Афиши были напечатаны на шершавой и тонкой бумаге. Она насквозь промокала от клейстера. Козы срывали и сжевывали эти афиши. Изо рта у жующих коз торчали обрывки желтой бумаги с черными словами: «Гений… беспутство». Только на немногих уцелевших афишах можно было прочесть, что Орленев выступит в Брянске в роли английского трагика Кина в пьесе «Кин, или Гений и беспутство».
Дядя Коля заранее взял билеты на спектакли Орленева. Несколько дней в доме у дяди Коли говорили только об Орленеве.
Спектакли были назначены в летнем театре в городском саду. Театр был деревянный, старый, покрытый облупившейся розовой краской. На стенах его годами клеили афиши. Выцветшая от дождей бумага висела толстыми клочьями.
Театр был всегда заколочен. В сумерки из-под крыши театра вылетали летучие мыши и шныряли над глухими аллеями. Девицы в белых платьях визжали от страха — существовало поверье, что летучие мыши вцепляются во все белое и потом их нельзя оторвать.
Заброшенный театр казался таинственным. Я был уверен, что в пустом его зале и актерских уборных до сих пор валяются засохшие цветы, коробочки с гримом, ленты, пожелтевшие ноты.
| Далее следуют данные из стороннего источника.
(* Let $E$ be a spectral set in a FTvN system $(\mathcal V,\mathcal W,\lambda)$. Then: (a) $\overline{E}$, $E^\circ$ and $\partial(E)$ are spectral. (b) If $\mathcal V$ is a Hilbert space, then $\overline{\operatorname{conv}(E)}$ is spectral. (c) If $\mathcal V$ is finite dimensional, then $\operatorname{conv}(E)$ is spectral; additionally, the convex cone generated by $E$ is spectral. (d) If $\mathcal V$ is a Hilbert space, then $E^p$ is spectral. In particular, if $\mathcal V$ is a Hilbert space and $S$ is a spectral set which is also a linear subspace of $\mathcal V$, then $S^\perp$ is spectral. (e) If $\mathcal V$ is a Hilbert space, then the sum of two compact convex spectral sets in $\mathcal V$ is spectral. (f) If $\mathcal V$ is finite dimensional, then the sum of two convex spectral sets is spectral.
   Context: A Fan-Theobald-von Neumann (FTvN) system is a triple $(\mathcal V,\mathcal W,\lambda)$ where $\mathcal V,\mathcal W$ are real inner product spaces and $\lambda:\mathcal V\to\mathcal W$ is a map such that: (A1) $\|\lambda(x)\|=\|x\|$ for all $x$; (A2) $\langle x,y\rangle\le\langle\lambda(x),\lambda(y)\rangle$ for all $x,y$; (A3) for every $c\in\mathcal V$ and $q\in\lambda(\mathcal V)$ there exists $x\in\mathcal V$ with $\lambda(x)=q$ and $\langle c,x\rangle=\langle\lambda(c),\lambda(x)\rangle$. The $\lambda$-orbit of $u$ is $[u]=\{x:\lambda(x)=\lambda(u)\}$. A set $E\subseteq\mathcal V$ is spectral if $E=\lambda^{-1}(Q)$ for some $Q\subseteq\mathcal W$, equivalently $x\in E\Rightarrow[x]\subseteq E$. $\overline{E}$, $E^\circ$, $\partial(E)$, $S^\perp$ denote closure, interior, boundary, orthogonal complement; $E^p=\{y\in\mathcal V:\langle y,x\rangle\le0\ \forall x\in E\}$ is the polar cone of $E$. *)

From HB Require Import structures.
From mathcomp Require Import all_boot all_order all_algebra.
From mathcomp Require Import all_classical all_reals all_analysis.
Set Implicit Arguments. Unset Strict Implicit. Unset Printing Implicit Defensive.
Import Order.TTheory GRing.Theory Num.Theory.
Import numFieldNormedType.Exports.
Local Open Scope classical_set_scope.
Local Open Scope ring_scope.

Definition inner_product (R : realType) (V : normedModType R)
  (ip : V -> V -> R) : Prop :=
  [/\ (forall x y, ip x y = ip y x),
      (forall (a : R) (x y z : V), ip (a *: x + y) z = a * ip x z + ip y z)
    & (forall x, ip x x = `|x| ^+ 2)].

(* Fan-Theobald-von Neumann system (A1)-(A3). *)
Definition FTvN (R : realType) (V W : normedModType R)
  (ipV : V -> V -> R) (ipW : W -> W -> R) (lam : V -> W) : Prop :=
  [/\ (forall x, `|lam x| = `|x|),
      (forall x y, ipV x y <= ipW (lam x) (lam y))
    & (forall (c : V) (q : W), (exists u, lam u = q) ->
         exists x, lam x = q /\ ipV c x = ipW (lam c) (lam x))].

Definition spectral (R : realType) (V W : normedModType R) (lam : V -> W)
  (E : set V) : Prop := exists Q : set W, E = lam @^-1` Q.

Definition boundary (T : topologicalType) (E : set T) : set T :=
  closure E `\` interior E.

Definition is_convex (R : realType) (V : normedModType R) (A : set V) : Prop :=
  forall (x y : V) (t : R), 0 <= t -> t <= 1 -> A x -> A y ->
    A (t *: x + (1 - t) *: y).

Definition convex_hull (R : realType) (V : normedModType R) (E : set V) : set V :=
  smallest (@is_convex R V) E.

Definition convex_cone (R : realType) (V : normedModType R) (C : set V) : Prop :=
  forall (x y : V) (a b : R), 0 <= a -> 0 <= b -> C x -> C y ->
    C (a *: x + b *: y).

Definition conic_hull (R : realType) (V : normedModType R) (E : set V) : set V :=
  smallest (@convex_cone R V) E.

Definition polar (R : realType) (V : normedModType R) (ip : V -> V -> R)
  (E : set V) : set V := [set y | forall x, E x -> ip y x <= 0].
(* A partial isomorphism can be glued with a matching f of a further closed
   set B onto a closed set disjoint from the old image; no edges run between
   the pieces, so the glued map is an isomorphism on P :|: B. *)
Lemma partial_iso_glue P psi (B : {set T}) (f : T -> T') :
  partial_iso P psi ->
  closedS g (fun x => x \in B) -> closedS h (fun y => y \in f @: B) ->
  {in B, forall x, x \notin P} -> {in B, forall x, f x \notin psi @: P} ->
  {in B &, injective f} -> {in B, forall x, rooted_nbhd_iso g h 2 x (f x)} ->
  {in B &, forall x y, g x y = h (f x) (f y)} ->
  exists psi', partial_iso (P :|: B) psi'.
Proof.
case=> bpsi Rpsi clP clPh eP clB clBh BnP fBnP finj Rf eB.
pose F x := if x \in P then psi x else f x.
have FP : {in P, F =1 psi} by move=> x xP; rewrite /F xP.
have FB : {in B, F =1 f} by move=> x xB; rewrite /F (negbTE (BnP x xB)).
have Finj : {in P :|: B &, injective F}.
  move=> x y; rewrite !inE => /orP[xP|xB] /orP[yP|yB].
  - by rewrite !FP //; apply: bij_inj.
  - by rewrite FP // FB // => E; have := fBnP y yB; rewrite -E imset_f.
  - by rewrite FB // FP // => E; have := fBnP x xB; rewrite E imset_f.
  - by rewrite !FB //; apply: finj.
have RF : {in P :|: B, forall x, rooted_nbhd_iso g h 2 x (F x)}.
  by move=> x; rewrite inE => /orP[xP|xB]; [rewrite FP | rewrite FB //; apply: Rf].
have [psi' [b' R' E']] := realign (@rooted_nbhd_iso_zigzag _ _ g h 2) bpsi Rpsi Finj RF.
have E'P : {in P, psi' =1 psi} by move=> x xP; rewrite E' ?FP // inE xP.
have E'B : {in B, psi' =1 f} by move=> x xB; rewrite E' ?FB // inE xB orbT.
have img : psi' @: (P :|: B) = psi @: P :|: f @: B.
  by rewrite imsetU (eq_in_imset E'P) (eq_in_imset E'B).
exists psi'; split => //.
- by move=> x y; rewrite !finset.in_setU; exact: (closedU clP clB).
- by rewrite img => x y; rewrite !finset.in_setU; exact: (closedU clPh clBh).
- move=> x y; rewrite !inE => /orP[xP|xB] /orP[yP|yB].
  + by rewrite !E'P //; apply: eP.
  + rewrite E'P // E'B // (closed_nonedge clP xP (BnP y yB)).
    by rewrite (closed_nonedge clPh (imset_f psi xP) (fBnP y yB)).
  + rewrite E'B // E'P // (adj_sym sg) (adj_sym sh).
    rewrite (closed_nonedge clP yP (BnP x xB)).
    by rewrite (closed_nonedge clPh (imset_f psi yP) (fBnP x xB)).
  + by rewrite !E'B //; apply: eB.
Qed.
Валяются еще с тех времен, когда в этом театре, по городскому преданию, играла заезжая оперетта.
Нарумяненные юные женщины с подведенными синькой глазами пробегали из уборных по скрипучим доскам на сцену, волоча бархатные шлейфы. Обольстительно звенели гитары под пальцами нагловатых первых любовников, и слова жестоких романсов щемили простодушные сердца горожан:
Этот театр видел все: молодых цыганок с надрывающим сердце голосом, разорившихся помещиков, пахнувших лошадиным потом, — они скакали сто верст, чтобы попасть на концерт какой-нибудь Нины Загорной, — корнетов с черными баками, купцов в коричневых котелках, невест, трепещущих от испуга, в пышных, как пена, розовых платьях.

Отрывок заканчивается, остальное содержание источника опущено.